Significance Testing

Permutation tests are used to compare batch vs streaming modes:

return {
    'significance': {
        'latency_pvalue': self._permutation_pvalue(batch_latencies, stream_latencies),
        'throughput_pvalue': self._permutation_pvalue(batch_tp, stream_tp),
        'latency_mean_delta_s': float(stream_latencies.mean() - batch_latencies.mean()),
        'throughput_mean_delta_rows_s': float(stream_tp.mean() - batch_tp.mean()),
    },
}

Results are saved to benchmarks/significance_tests.csv.

Reproducible Benchmarks

The benchmark_runs parameter controls the number of repeated runs for statistical stability.

Running Benchmarks

config = PipelineConfig(
    random_seed=42,
    benchmark_runs=10,  # Run each mode 10 times
)

runner = RealTimePipelineRunner(config)
benchmark_results = runner.benchmark('data/nba2k-full.csv')

Benchmark Artifacts

Each benchmark run produces:

benchmarks/latency_vs_data_size.csv
benchmarks/throughput_vs_memory.csv
benchmarks/resource_vs_accuracy.csv
benchmarks/significance_tests.csv
benchmarks/latency_vs_accuracy.png
benchmarks/memory_vs_accuracy.png
benchmarks/latency_memory_accuracy.png

Latency vs Data Size
Throughput vs Memory
Resource vs Accuracy

Measures preprocessing latency across different dataset sizes:

sizes = [min(size_base, s) for s in (64, 128, 256, size_base)]
latency_vs_size = []
for size in sizes:
    sample = source.iloc[:size] if isinstance(source, pd.DataFrame) \
             else self.ingestor.load(source).iloc[:size]
    b = self.run_batch(sample)
    latency_vs_size.append({'rows': size, 'latency_s': b['latency_s']})

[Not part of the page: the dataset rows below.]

Lemma residual_nested_sub l1 l2 x : (forall u, in_span l1 u -> in_span l2 u) ->
  hnorm (hsub (residual l1 x) (residual l2 x)) ^ 2
  = hnorm (residual l1 x) ^ 2 - hnorm (residual l2 x) ^ 2.
Proof.
  intros Hs. rewrite <- !Rsqr_pow2; unfold Rsqr; rewrite !hnorm_sq.
  assert (Hd : in_span l2 (hsub (residual l1 x) (residual l2 x))).
  { replace (hsub (residual l1 x) (residual l2 x)) with (hsub (proj l2 x) (proj l1 x))
      by (unfold residual; veq).
    apply span_sub; auto using proj_span. }
  pose proof (pythagoras l2 _ _ Hd (residual_orth l2 x)) as P.
  replace (hadd (hsub (residual l1 x) (residual l2 x)) (residual l2 x))
    with (residual l1 x) in P by veq.
  lra.
Qed.

End Span.

Lemma Un_cv_const (c : R) : Un_cv (fun _ => c) c.
Proof. intros e He; exists 0%nat; intros; unfold R_dist; rewrite Rminus_diag, Rabs_R0; exact He. Qed.

Section Limits.
Context {H : HilbertSpace}.
Implicit Types (u v : nat -> H) (l m w : H).

Definition hlim u l : Prop :=
  forall eps, eps > 0 -> exists N, forall n, (n >= N)%nat -> hnorm (hsub (u n) l) < eps.

Lemma hlim_dist_cv u l : hlim u l -> Un_cv (fun n => hnorm (hsub (u n) l)) 0.
Proof.
  intros Hl e He. destruct (Hl e He) as [N HN]. exists N. intros n Hn.
  unfold R_dist. rewrite Rminus_0_r, Rabs_pos_eq by apply hnorm_ge0. auto.
Qed.

Lemma hlim_norm_cv u l : hlim u l -> Un_cv (fun n => hnorm (u n)) (hnorm l).
Proof.
  intros Hl e He. destruct (Hl e He) as [N HN]. exists N. intros n Hn.
  specialize (HN n Hn). pose proof (hnorm_le_add_sub (u n) l).
  pose proof (hnorm_le_add_sub l (u n)). rewrite hnorm_sub_sym in H1.
  unfold R_dist. apply Rabs_def1; lra.
Qed.

Lemma hlim_const l : hlim (fun _ => l) l.
Proof.
  intros e He. exists 0%nat. intros n _.
  replace (hsub l l) with (@hzero H) by veq.
  unfold hnorm. rewrite hinner_zero_l. simpl. rewrite sqrt_0. exact He.
Qed.

Lemma hlim_sub u v l m : hlim u l -> hlim v m -> hlim (fun n => hsub (u n) (v n)) (hsub l m).
Proof.
  intros Hu Hv e He.
  destruct (Hu (e / 2)) as [N1 H1]; [lra|]. destruct (Hv (e / 2)) as [N2 H2]; [lra|].
  exists (Nat.max N1 N2). intros n Hn.
  replace (hsub (hsub (u n) (v n)) (hsub l m))
    with (hadd (hsub (u n) l) (hsub m (v n))) by veq.
  eapply Rle_lt_trans; [apply hnorm_triangle|]. rewrite (hnorm_sub_sym m).
  specialize (H1 n ltac:(lia)). specialize (H2 n ltac:(lia)). lra.
Qed.

Lemma hnorm_lim_ge u l c : hlim u l -> (forall n, c <= hnorm (u n)) -> c <= hnorm l.
Proof. intros Hl Hc. exact (Rle_cv_lim Hc (Un_cv_const c) (hlim_norm_cv u l Hl)). Qed.

Lemma hnorm_lim_le u l c : hlim u l -> (forall n, hnorm (u n) <= c) -> hnorm l <= c.
Proof. intros Hl Hc. exact (Rle_cv_lim Hc (hlim_norm_cv u l Hl) (Un_cv_const c)). Qed.

Lemma hinner_lim_eq0 u l w : hlim u l -> (forall n, hinner (u n) w = C0) -> hinner l w = C0.
Proof.
  intros Hl Hu. apply Cabs2_le0.
  assert (Hb : forall n, Cabs2 (hinner l w) <= hnorm (hsub (u n) l) * hnorm w * (hnorm (hsub (u n) l) * hnorm w)).
  { intros n. replace (hinner l w) with (hinner (hsub l (u n)) w)
      by (pose proof (Hu n); hexpand; rewrite H0; apply C_ext; simpl; ring).
    rewrite hnorm_sub_sym. pose proof (Cabs2_hinner_le (hsub l (u n)) w). lra. }
  assert (Hcv : Un_cv (fun n => hnorm (hsub (u n) l) * hnorm w * (hnorm (hsub (u n) l) * hnorm w)) 0).
  { replace 0 with (0 * hnorm w * (0 * hnorm w)) by ring.
    pose proof (CV_mult _ _ _ _ (hlim_dist_cv u l Hl) (Un_cv_const (hnorm w))) as Hc.
    exact (CV_mult _ _ _ _ Hc Hc). }
  exact (Rle_cv_lim Hb (Un_cv_const _) Hcv).
Qed.

End Limits.

Section Representations.
Context {G : TopGroup} {H : HilbertSpace} (pi : URep G H).
Implicit Types (x y v : H) (l L : list H).

Lemma rep_zero g : pi g hzero = hzero.
Proof. rewrite <- (hscal0 hzero), rep_scal, !hscal0. reflexivity. Qed.

Lemma rep_sub g x y : pi g (hsub x y) = hsub (pi g x) (pi g y).
Proof. unfold hsub; rewrite !hopp_scal, rep_add, rep_scal; auto. Qed.

Lemma rep_norm g x : hnorm (pi g x) = hnorm x.
Proof. unfold hnorm; rewrite rep_inner; auto. Qed.

Lemma rep_adjoint g x y : hinner (pi g x) y = hinner x (pi (tinv g) y).
Proof.
  assert (E : y = pi g (pi (tinv g) y)) by (rewrite <- rep_mul, tmul_inv_r, rep_one; auto).
  rewrite E at 1. apply rep_inner.
Qed.

Lemma hlim_rep g (u : nat -> H) y : hlim u y -> hlim (fun n => pi g (u n)) (pi g y).
Proof. intros Hu e He. destruct (Hu e He) as [N HN]. exists N. intros. rewrite <- rep_sub, rep_norm. auto. Qed.

Definition inv_span l := forall g v, in_span l v -> in_span l (pi g v).

Lemma inv_span_nil : inv_span nil.
Proof. intros g v Hv; simpl in *; subst; apply rep_zero. Qed.

Lemma inv_span_app l1 l2 : inv_span l1 -> inv_span l2 -> inv_span (l1 ++ l2).
Proof.
  intros H1 H2 g v Hv. apply span_app in Hv. destruct Hv as [a [b [Ha [Hb ->]]]].
  rewrite rep_add. apply span_app. exists (pi g a), (pi g b); auto.
Qed.

Lemma orth_list_rep l y g : inv_span l -> orth_list y l -> orth_list (pi g y) l.
Proof.
  intros Hi Ho v Hv. rewrite rep_adjoint. apply (orth_list_span l); auto.
  apply Hi, span_mem; auto.
Qed.

Lemma rep_proj l g x : inv_span l -> pi g (proj l x) = proj l (pi g x).
Proof.
  intros Hi. apply proj_unique.
  - apply Hi, proj_span.
  - rewrite <- rep_sub. apply orth_list_rep; auto. apply residual_orth.
Qed.

Lemma proj_displacement_le l g x : inv_span l ->
  hnorm (hsub (pi g (proj l x)) (proj l x)) <= hnorm (hsub (pi g x) x).
Proof. intros Hi. rewrite rep_proj, <- proj_sub by exact Hi. apply proj_norm_le. Qed.

Lemma residual_displacement_le l g x : inv_span l ->
  hnorm (hsub (pi g (residual l x)) (residual l x)) <= hnorm (hsub (pi g x) x).
Proof.
  intros Hi.
  assert (E : pi g (residual l x) = residual l (pi g x))
    by (unfold residual; rewrite rep_sub, rep_proj; auto).
  rewrite E, <- residual_sub. apply residual_norm_le.
Qed.

End Representations.

Record closed_subspace {H : HilbertSpace} (P : H -> Prop) := {
  cs_zero : P hzero;
  cs_add : forall x y, P x -> P y -> P (hadd x y);
  cs_scal : forall a x, P x -> P (hscal a x);
  cs_closed : forall (u : nat -> H) l, (forall n, P (u n)) -> hlim u l -> P l
}.

Lemma sig_eq {A : Type} {P : A -> Prop} (a b : sig P) : proj1_sig a = proj1_sig b -> a = b.
Proof. destruct a, b; simpl; intros; subst; f_equal; apply proof_irrelevance. Qed.

Section Subspace.
Context {H : HilbertSpace} {P : H -> Prop} (c : closed_subspace P).

Lemma cs_opp x : P x -> P (hopp x).
Proof. intros; rewrite hopp_scal; apply (cs_scal _ c); auto. Qed.

(* Completeness is inherited because the subspace is closed. *)
Definition subspace : HilbertSpace.
Proof.
  refine (@Build_HilbertSpace (sig P) (exist P hzero (cs_zero _ c))
    (fun a b => exist P (hadd (proj1_sig a) (proj1_sig b))
                  (cs_add _ c _ _ (proj2_sig a) (proj2_sig b)))
    (fun a => exist P (hopp (proj1_sig a)) (cs_opp _ (proj2_sig a)))
    (fun k a => exist P (hscal k (proj1_sig a)) (cs_scal _ c k _ (proj2_sig a)))
    (fun a b => hinner (proj1_sig a) (proj1_sig b)) _ _ _ _ _ _ _ _ _ _ _ _ _ _).
  all: try (intros; apply sig_eq; simpl;
            first [apply hadd_assoc | apply hadd_comm | apply hadd_zero | apply hadd_opp
                  | apply hscal_one | apply hscal_mul | apply hscal_addv | apply hscal_adds]).
  - intros; simpl; apply hinner_add.
  - intros; simpl; apply hinner_scal.
  - intros; simpl; apply hinner_conj.
  - intros; simpl; apply hinner_pos.
  - intros x E; apply sig_eq; simpl; apply hinner_def; exact E.
  - intros u Hc. destruct (hcomplete H (fun n => proj1_sig (u n)) Hc) as [l Hl].
    exists (exist P l (cs_closed _ c _ l (fun n => proj2_sig (u n)) Hl)). exact Hl.
Defined.

Lemma span_subspace_val (l : list subspace) (w : subspace) :
  in_span l w -> in_span (map (@proj1_sig H P) l) (proj1_sig w).
Proof.
  revert w; induction l as [|v l IH]; simpl; intros w Hw.
  - subst; reflexivity.
  - destruct Hw as [a [y [Hy ->]]]. exists a, (proj1_sig y). split; auto.
Qed.

Lemma span_val_subspace (l : list subspace) (u : H) :
  in_span (map (@proj1_sig H P) l) u -> exists w : subspace, in_span l w /\ proj1_sig w = u.
Proof.
  revert u; induction l as [|v l IH]; simpl; intros u Hu.
  - exists (@hzero subspace); split; simpl; auto.
  - destruct Hu as [a [y [Hy ->]]]. destruct (IH y Hy) as [w [Hw Ew]].
    exists (hadd (hscal a v) w). split.
    + exists a, w; auto.
    + simpl. rewrite Ew. reflexivity.
Qed.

Correlates memory usage with throughput:

throughput_vs_memory.append({
    'peak_memory_mb': b['peak_memory_mb'],
    'throughput_rows_s': b['throughput_rows_s']
})

Tracks the relationship between resource usage and model quality:

'resource_vs_accuracy': [
    {
        'mode': r['batch']['mode'],
        'peak_memory_mb': r['batch']['peak_memory_mb'],
        'r2': r['batch']['model']['r2'],
    }
    for r in runs
]

Validating Reproducibility

To verify reproducibility, run the same configuration multiple times and compare artifacts.

Validation Command

cd "NBA Data Preprocessing/task"
python -m unittest discover -s test -p 'test_*.py'

Manual Validation

Run Pipeline Twice

config = PipelineConfig(random_seed=42, output_dir=Path('run1'))
runner1 = RealTimePipelineRunner(config)
report1 = runner1.run_all('data/nba2k-full.csv')

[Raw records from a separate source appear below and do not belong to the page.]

Section L2_finite_measure.
Context {R : realType} {I : set R}.
Hypotheses (mI : measurable (I : set (measurableTypeR R)))
  (finI : (lebesgue_measure I < +oo)%E).
Local Notation mu := (@lebesgue_measure R).
Local Notation integrable h := (mu.-integrable I (EFin \o h)).
Implicit Types (f g : R -> R[i]) (q : R -> R) (c : R[i]).

Lemma integrable_cst k : integrable (fun=> k).
Proof.
apply/integrableP; split; first exact/measurable_EFinP/measurable_cst.
by rewrite integral_cst //= lte_mul_pinfty.
Qed.

Lemma integrableD_EFin {h1 h2 : R -> R} : integrable h1 -> integrable h2 ->
  integrable (fun x => h1 x + h2 x).
Proof.
move=> i1 i2; apply: (eq_integrable mI _ _ _ (integrableD mI i1 i2)) => x _.
by rewrite /= EFinD.
Qed.

Lemma integrableZl_EFin k {h : R -> R} : integrable h -> integrable (fun x => k * h x).
Proof.
move=> ih; apply: (eq_integrable mI _ _ _ (integrableZl mI k ih)) => x _.
by rewrite /= EFinM.
Qed.

Lemma ge0_integrableP (h : R -> R) :
  measurable_fun I h -> (forall x, I x -> 0 <= h x) ->
  integrable h <-> (\int[mu]_(x in I) (h x)%:E < +oo)%E.
Proof.
move=> mh h0.
have -> : (\int[mu]_(x in I) (h x)%:E = \int[mu]_(x in I) `|(EFin \o h) x|)%E.
  by apply: eq_integral => x; rewrite inE => Ix /=; rewrite ger0_norm ?h0.
split=> [/integrableP[]//|fin]; apply/integrableP; split => //.
exact/measurable_EFinP.
Qed.

Lemma cmeasurable_cst c : cmeasurable I (fun=> c).
Proof. by split; exact: measurable_cst. Qed.

Lemma cmeasurable_cexpi {q} : measurable_fun I q -> cmeasurable I (cexpi q).
Proof.
move=> mq; split; apply: measurableT_comp => //; apply: continuous_measurable_fun.
  exact: continuous_cos.
exact: continuous_sin.
Qed.

Lemma cmeasurableB {f g} : cmeasurable I f -> cmeasurable I g ->
  cmeasurable I (fun x => f x - g x).
Proof.
move=> [mf1 mf2] [mg1 mg2]; split.
  by under eq_fun do rewrite ReB; exact: measurable_funB.
by under eq_fun do rewrite ImB; exact: measurable_funB.
Qed.

Lemma cmeasurableM {f g} : cmeasurable I f -> cmeasurable I g ->
  cmeasurable I (fun x => f x * g x).
Proof.
move=> [mf1 mf2] [mg1 mg2]; split.
  by under eq_fun do rewrite ReM; apply: measurable_funB; exact: measurable_funM.
by under eq_fun do rewrite ImM; apply: measurable_funD; exact: measurable_funM.
Qed.

Lemma cmeasurable_cmod_sq {f} : cmeasurable I f ->
  measurable_fun I (fun x => cmod (f x) ^+ 2).
Proof.
move=> [mf1 mf2]; under eq_fun do rewrite cmod_sq.
by apply: measurable_funD; exact: measurable_funX.
Qed.

Lemma L2_integrable_cmod_sq {f} : L2 I f -> integrable (fun x => cmod (f x) ^+ 2).
Proof.
move=> [mf fin]; apply/ge0_integrableP => //; first exact: cmeasurable_cmod_sq.
by move=> x _; exact: sqr_ge0.
Qed.

Lemma L2_dom f (G : R -> R) : cmeasurable I f -> integrable G ->
  (forall x, I x -> cmod (f x) ^+ 2 <= G x) -> L2 I f.
Proof.
move=> mf iG fG; split => //; apply/ge0_integrableP.
- exact: cmeasurable_cmod_sq.
- by move=> x _; exact: sqr_ge0.
apply: (le_integrable mI _ _ iG).
  by apply/measurable_EFinP; exact: cmeasurable_cmod_sq.
move=> x Ix /=; rewrite lee_fin ger0_norm ?sqr_ge0 //.
exact: le_trans (fG x Ix) (ler_norm _).
Qed.

(* On a set of finite measure L^2 embeds in L^1, via |t| <= 1 + |f|^2. *)
Lemma L2_integrable_dom {f} (t : R -> R) : L2 I f -> measurable_fun I t ->
  (forall x, `|t x| <= cmod (f x)) -> integrable t.
Proof.
move=> hf mt tf; have i1 := integrable_cst 1.
have i2 := L2_integrable_cmod_sq hf.
apply: (le_integrable mI _ _ (integrableD_EFin i1 i2)); first exact/measurable_EFinP.
move=> x _ /=; rewrite lee_fin [X in _ <= X]ger0_norm ?addr_ge0 ?sqr_ge0 //.
apply: le_trans (tf x) _; have := sqr_ge0 (cmod (f x) - 1); nra.
Qed.

Lemma L2_integrable_Re {f} : L2 I f -> integrable (fun x => cRe (f x)).
Proof.
move=> hf; apply: (L2_integrable_dom _ hf) => [|x]; last exact: cmod_Re_le.
by case: hf => -[].
Qed.

Lemma L2_integrable_Im {f} : L2 I f -> integrable (fun x => cIm (f x)).
Proof.
move=> hf; apply: (L2_integrable_dom _ hf) => [|x]; last exact: cmod_Im_le.
by case: hf => -[].
Qed.

Lemma L2_mul_cexpi c {q} : measurable_fun I q -> L2 I (fun x => c * cexpi q x).
Proof.
move=> mq; apply: (L2_dom _ (fun=> cmod c ^+ 2)).
- exact: cmeasurableM (cmeasurable_cst _) (cmeasurable_cexpi mq).
- exact: integrable_cst.
- by move=> x _; rewrite cmod_mul_cexpi.
Qed.

Lemma L2_cexpi {q} : measurable_fun I q -> L2 I (cexpi q).
Proof. by move=> /(L2_mul_cexpi 1); under eq_fun do rewrite mul1r. Qed.

Lemma L2_cexpi_mul {f q} : L2 I f -> measurable_fun I q ->
  L2 I (fun x => f x * cexpi q x).
Proof.
move=> hf mq; apply: (L2_dom _ (fun x => cmod (f x) ^+ 2)).
- by apply: cmeasurableM (cmeasurable_cexpi mq); case: hf.
- exact: L2_integrable_cmod_sq.
- by move=> x _; rewrite cmod_mul_cexpi.
Qed.

Lemma L2_sub_mul_cexpi {f} c {q} : L2 I f -> measurable_fun I q ->
  L2 I (fun x => f x - c * cexpi q x).
Proof.
move=> hf mq; pose G x := 2 * cmod (f x) ^+ 2 + 2 * cmod c ^+ 2.
apply: (L2_dom _ G).
- apply: cmeasurableB; first by case: hf.
  exact: cmeasurableM (cmeasurable_cst _) (cmeasurable_cexpi mq).
- apply: integrableD_EFin (integrable_cst _).
  exact: integrableZl_EFin (L2_integrable_cmod_sq hf).
by move=> x _; rewrite /G -(cmod_mul_cexpi c q x); exact: cmod_sub_sq_le.
Qed.

Lemma L2norm_ge0 f : 0 <= L2norm I f.
Proof. exact: sqrtr_ge0. Qed.

Lemma L2norm_sq f : L2norm I f ^+ 2 = \int[mu]_(x in I) cmod (f x) ^+ 2.
Proof. by rewrite sqr_sqrtr // Rintegral_ge0 // => x _; exact: sqr_ge0. Qed.

Lemma L2norm_null {f} : L2 I f -> mu I = 0 -> L2norm I f = 0.
Proof.
move=> [mf _] mu0; rewrite /L2norm /Rintegral null_set_integral //= ?sqrtr0 //.
by apply/measurable_EFinP; exact: cmeasurable_cmod_sq.
Qed.

Lemma L2norm_sub_mul_cexpi {f} c {q} : L2 I f -> measurable_fun I q ->
  let J := cintegral I (fun x => f x * cexpi (fun y => - q y) x) in
  L2norm I (fun x => f x - c * cexpi q x) ^+ 2 =
  L2norm I f ^+ 2 + cmod c ^+ 2 * fine (mu I) - 2 * (cRe c * cRe J + cIm c * cIm J).
Proof.
move=> hf mq J; set e := cexpi (fun y => - q y).
have hfe : L2 I (fun x => f x * e x).
  by apply: L2_cexpi_mul hf _; exact: measurableT_comp mq.
have iRe := L2_integrable_Re hfe; have iIm := L2_integrable_Im hfe.
have iReIm :=
  integrableD_EFin (integrableZl_EFin (cRe c) iRe) (integrableZl_EFin (cIm c) iIm).
have if2 := L2_integrable_cmod_sq hf.
rewrite !L2norm_sq; under eq_Rintegral do rewrite cmod_sub_cexpi_sq -/e.
rewrite (RintegralB mI); last 2 first.
- exact: integrableD_EFin if2 (integrable_cst _).
- exact: integrableZl_EFin.
rewrite (RintegralD mI if2 (integrable_cst _)) Rintegral_cst //.
rewrite (RintegralZl _ mI iReIm) (RintegralD mI); last 2 first.
- exact: integrableZl_EFin.
- exact: integrableZl_EFin.
by rewrite (RintegralZl _ mI iRe) (RintegralZl _ mI iIm).
Qed.

End L2_finite_measure.

Definition bounded_by {R : realType} (I : set R) (L : (R -> R[i]) -> R[i]) (M : R) :=
  forall f, L2 I f -> cmod (L f) <= M * L2norm I f.

Section sublinear_functional.
Context {R : realType} {I : set R} {L : (R -> R[i]) -> R[i]}.
Hypotheses (mI : measurable (I : set (measurableTypeR R)))
  (finI : (lebesgue_measure I < +oo)%E).
Hypotheses (Lsub : sublinear I L) (Lbd : bounded_functional I L).
Local Notation m := (fine (lebesgue_measure I)).

Lemma cmod_L_L2norm_eq0 {f} : L2 I f -> L2norm I f = 0 -> cmod (L f) = 0.
Proof.
move=> hf N0; apply/le_anti; rewrite cmod_ge0 andbT.
by case: Lbd => A /(_ f hf); rewrite N0 mulr0.
Qed.

Lemma bounded_by_le M M' : bounded_by I L M -> M <= M' -> bounded_by I L M'.
Proof.
by move=> hM MM' f hf; apply: le_trans (hM f hf) _; rewrite ler_wpM2r ?L2norm_ge0.
Qed.

Lemma bounded_by_least : exists M, [/\ 0 <= M, bounded_by I L M &
  forall M', 0 <= M' -> bounded_by I L M' -> M <= M'].
Proof.
case: Lbd => A hA.
pose ratios := [set r : R | r = 0 \/ exists2 f, L2 I f /\ 0 < L2norm I f &
   r = cmod (L f) / L2norm I f].
have ub : ubound ratios `|A|.
  move=> r [->|[f [hf N0] ->]]; first exact: normr_ge0.
  rewrite ler_pdivrMr //; apply: le_trans (hA f hf) _.
  by rewrite ler_wpM2r ?ler_norm // ltW.
have hasub : has_sup ratios by split; [exists 0; left | exists `|A|].
exists (sup ratios); split.
- exact: sup_ubound hasub.2 _ (or_introl erefl).
- move=> f hf; have [N0|N0] := eqVneq (L2norm I f) 0.
    by rewrite N0 mulr0 cmod_L_L2norm_eq0.
  have Npos : 0 < L2norm I f by rewrite lt_def N0 L2norm_ge0.
  by rewrite -ler_pdivrMr //; apply: sup_ubound hasub.2 _ _; right; exists f.
- move=> M' M'0 hM'; apply: ge_sup hasub.1 _ => r [->//|[f [hf N0] ->]].
  by rewrite ler_pdivrMr // hM'.
Qed.

Context {Q : set (R -> R)} {s k : R}.
Hypotheses (s0 : 0 < s) (mQ : forall q, Q q -> measurable_fun I q).
Hypothesis Lunif : forall f, L2 I f -> sigma_uniform I Q s f ->
  cmod (L f) <= k * L2norm I f.
Hypothesis Lexp : forall q, Q q -> cmod (L (cexpi q)) <= k * s / 2.

Lemma nonuniform_bound {M f} : 0 < m -> 0 <= M -> k <= M -> bounded_by I L M ->
  L2 I f -> ~ sigma_uniform I Q s f ->
  cmod (L f) <= (M - s ^+ 2 * (M - k) / (2 * m)) * L2norm I f.
Proof.
move=> m0 M0 kM hM hf fnu; case: Lsub => Ladd Lmul.
have [N0|N0] := eqVneq (L2norm I f) 0.
  by rewrite N0 mulr0 cmod_L_L2norm_eq0.
have Npos : 0 < L2norm I f by rewrite lt_def N0 L2norm_ge0.
have [q Qq hq] : exists2 q, Q q &
    s * L2norm I f < cmod (cintegral I (fun x => f x * cexpi (fun y => - q y) x)).
  apply: contra_notP fnu => nex q Qq; rewrite leNgt; apply/negP => hq.
  by apply: nex; exists q.
set J := cintegral _ _ in hq; have mq := mQ _ Qq.
pose c := Complex (cRe J / m) (cIm J / m).
have cJ : cmod c = cmod J / m.
  rewrite -[RHS]ger0_norm ?divr_ge0 ?cmod_ge0 ?ltW // -sqrtr_sqr expr_div_n cmod_sq.
  by rewrite {1}/cmod; apply: congr1; rewrite /c /=; field; rewrite gt_eqF.
have gE : L2norm I (fun x => f x - c * cexpi q x) ^+ 2 =
          L2norm I f ^+ 2 - cmod J ^+ 2 / m.
  rewrite (L2norm_sub_mul_cexpi mI finI c hf mq) -/J cJ expr_div_n cmod_sq /=.
  by field; rewrite gt_eqF.
apply: (projection_step_le M0 kM m0 Npos (ltW s0) hq (L2norm_ge0 _) gE).
have -> : L f = L (fun x => c * cexpi q x + (f x - c * cexpi q x)).
  by congr L; apply/funext => x; rewrite addrC subrK.
have hg := L2_sub_mul_cexpi mI finI c hf mq.
apply: le_trans (Ladd _ _ (L2_mul_cexpi mI finI c mq) hg) _.
rewrite (Lmul c (cexpi q) (L2_cexpi mI finI mq)) cJ.
apply: lerD; last exact: hM _ hg.
by apply: ler_wpM2l; [rewrite divr_ge0 ?cmod_ge0 ?ltW | exact: Lexp].
Qed.

Lemma bounded_by_improve M : 0 < m -> 0 <= M -> bounded_by I L M ->
  bounded_by I L (Num.max k (M - s ^+ 2 * (M - k) / (2 * m))).
Proof.
move=> m0 M0 hM f hf; have N0 := L2norm_ge0 f.
have [fu|fnu] := pselect (sigma_uniform I Q s f).
  by apply: le_trans (Lunif _ hf fu) _; rewrite ler_wpM2r // le_max lexx.
have [Mk|kM] := leP M k.
  by apply: le_trans (hM f hf) _; rewrite ler_wpM2r // le_max Mk.
apply: le_trans (nonuniform_bound m0 M0 (ltW kM) hM hf fnu) _.
by rewrite ler_wpM2r // le_max lexx orbT.
Qed.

config = PipelineConfig(random_seed=42, output_dir=Path('run2'))
runner2 = RealTimePipelineRunner(config)
report2 = runner2.run_all('data/nba2k-full.csv')

Compare Dataset Fingerprints

assert report1['dataset_fingerprint'] == report2['dataset_fingerprint']

Compare Model Metrics

assert abs(report1['batch']['model']['r2'] - 
           report2['batch']['model']['r2']) < 1e-6

Compare Chunk Metrics

chunks1 = report1['streaming']['chunk_metrics']
chunks2 = report2['streaming']['chunk_metrics']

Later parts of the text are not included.